When pressed to the edge of panic, Trump will modify his behavior. In the 1990s, for example, he became a quieter, less braggadocious Trump when his casinos went bankrupt and his airline business failed. The first sign that Trump was in panic mode last week came as he brought Anthony Scaramucci onto the stage, naming him White House communications chief. In Italian theater, a scaramuccia is a menacing court jester who inevitably falls from grace and Trump's jester fit the archetype perfectly, ousting Sean Spicer and Reince Priebus before -- in a stunning bit of political theater, "The Mooch" and his profane, on-the-record tirade became a bigger laughingstock than the men at whom he had aimed his blade.
Spicer and Priebus were easy prey because the dramatist (read President) had introduced them to us as characters who would inevitably be killed off.
As Priebus and Spicer were humiliated and driven away, you could almost hear the snickers in the audience. The dismissal of the preening Scaramucci, on the other hand, came with the power of a lightning strike. Then, as the smoke cleared, the world could see the figure of John Kelly, the new chief of staff. The President's affection for military men was noted during the 2016 campaign, when he talked about Gen. George "Blood and Guts" Patton as if he were a perfect hero and not the troublesome brute whom Eisenhower called a "problem child." However, the President's fascination with strong military men goes back much further and is far more primal.
As an unruly boy, Trump was suddenly sent away by his father to attend a military school renowned for its harsh discipline. (As he told me, it was the kind of place where the grown men in uniforms "smacked you around.") At the academy, Trump adopted a barking World War II veteran named Theodore Dobias as a substitute father.
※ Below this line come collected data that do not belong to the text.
Lemma density_collatz_iter_residue n : forall a s, (1 <= a)%nat -> (s < 2 ^ a)%nat ->
  density (fun k => collatz_iter n k mod 2 ^ a =? s) (parity_weight n s / 2 ^ a).
Proof.
  induction n as [|n IH]; intros a s Ha Hs.
  - rewrite parity_weight_0.
    replace (2 ^ a) with (INR (2 ^ a)) by (rewrite pow_INR; cbn; f_equal; ring).
    now apply density_residue.
  - assert (Hpow : 2 ^ S a = 2 * 2 ^ a) by reflexivity.
    assert (HpowN : (2 ^ S a = 2 * 2 ^ a)%nat) by apply Nat.pow_succ_r'.
    assert (Hodd2s : Nat.odd (2 * s) = false) by (now rewrite Nat.odd_mul).
    destruct (Nat.even s) eqn:Hse.
    + destruct (collatz_preimage_even a s Ha Hs Hse) as [r [Hr [Hro Hpre]]].
      assert (Hro' : Nat.odd (r + 2 ^ a) = true) by now rewrite odd_add_pow2.
      apply density_ext with (fun k => (collatz_iter n k mod 2 ^ S a =? 2 * s) ||
        ((collatz_iter n k mod 2 ^ S a =? r) || (collatz_iter n k mod 2 ^ S a =? r + 2 ^ a)))%bool.
      { intros k. rewrite !Bool.orb_true_iff, !Nat.eqb_eq. symmetry. apply Hpre. }
      replace (parity_weight (S n) s / 2 ^ a) with
        (parity_weight n (2 * s) / 2 ^ S a +
         (parity_weight n r / 2 ^ S a + parity_weight n (r + 2 ^ a) / 2 ^ S a)).
      2: { unfold parity_weight at 4. rewrite Hse, even_weight_S, parity_weight_double,
             !parity_weight_odd, Hpow by assumption.
           field. apply pow_nonzero. lra. }
      apply density_orb; [|apply IH; lia|apply density_orb; [|apply IH; lia..]].
      * intros k H1 H2. rewrite Bool.orb_true_iff, !Nat.eqb_eq in H2. apply Nat.eqb_eq in H1.
        destruct H2 as [H2|H2]; rewrite H2 in H1; revert H1; apply neq_of_odd_neq; congruence.
      * intros k H1 H2. apply Nat.eqb_eq in H1, H2. lia.
    + apply density_ext with (fun k => collatz_iter n k mod 2 ^ S a =? 2 * s).
      { intros k. rewrite !Nat.eqb_eq. symmetry. apply collatz_preimage_odd; auto.
        now rewrite <- Nat.negb_even, Hse. }
      replace (parity_weight (S n) s / 2 ^ a) with (parity_weight n (2 * s) / 2 ^ S a).
      2: { unfold parity_weight at 2. rewrite Hse, odd_weight_S, parity_weight_double, Hpow.
           field. apply pow_nonzero. lra. }
      apply IH; lia.
Qed.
As Dobias once recalled for me, Trump was "the most manipulative" boy he ever encountered and through his wheedling and pleasing, got everything he wanted. Before he was finished, Trump was marching down Fifth Avenue in Manhattan, sun glistening off the brass of his uniform, at the head of the corps marching in the Columbus Day parade.
Although young Trump escaped serving through a series of academic and medical deferments, the President was so enamored of the military style that 50 years later, he would speak lovingly to me of Brasso polish and spit-shined shoes. As Kelly takes charge, he doesn't need to show up in a uniform bedecked with medals to keep the President's admiration and support. As Trump accepted Kelly's demand that his buddy Scaramucci be dismissed, he demonstrated he is willing to give the general what he wants, including respect -- and, perhaps the obedience of his own children, in exchange for his leadership.
As he sets to work, Kelly for his part will undoubtedly seek to end the deception and bumbling that have characterized the White House under a President whose impulse is to deny and distort whatever facts displease him. Kelly no doubt considers this work an act of public service for a country which, under President Trump, is fast losing credibility around the world.
His biggest challenge resides in the fact that most of the turmoil can be traced to a President who is, himself, undisciplined. The good news is that Trump has allowed himself to be controlled by military men in the past. However, any hope in this history must be tempered with the fact that the panicking President does not wear integrity well and can be expected to revert to chaos as soon as he feels comfortable again.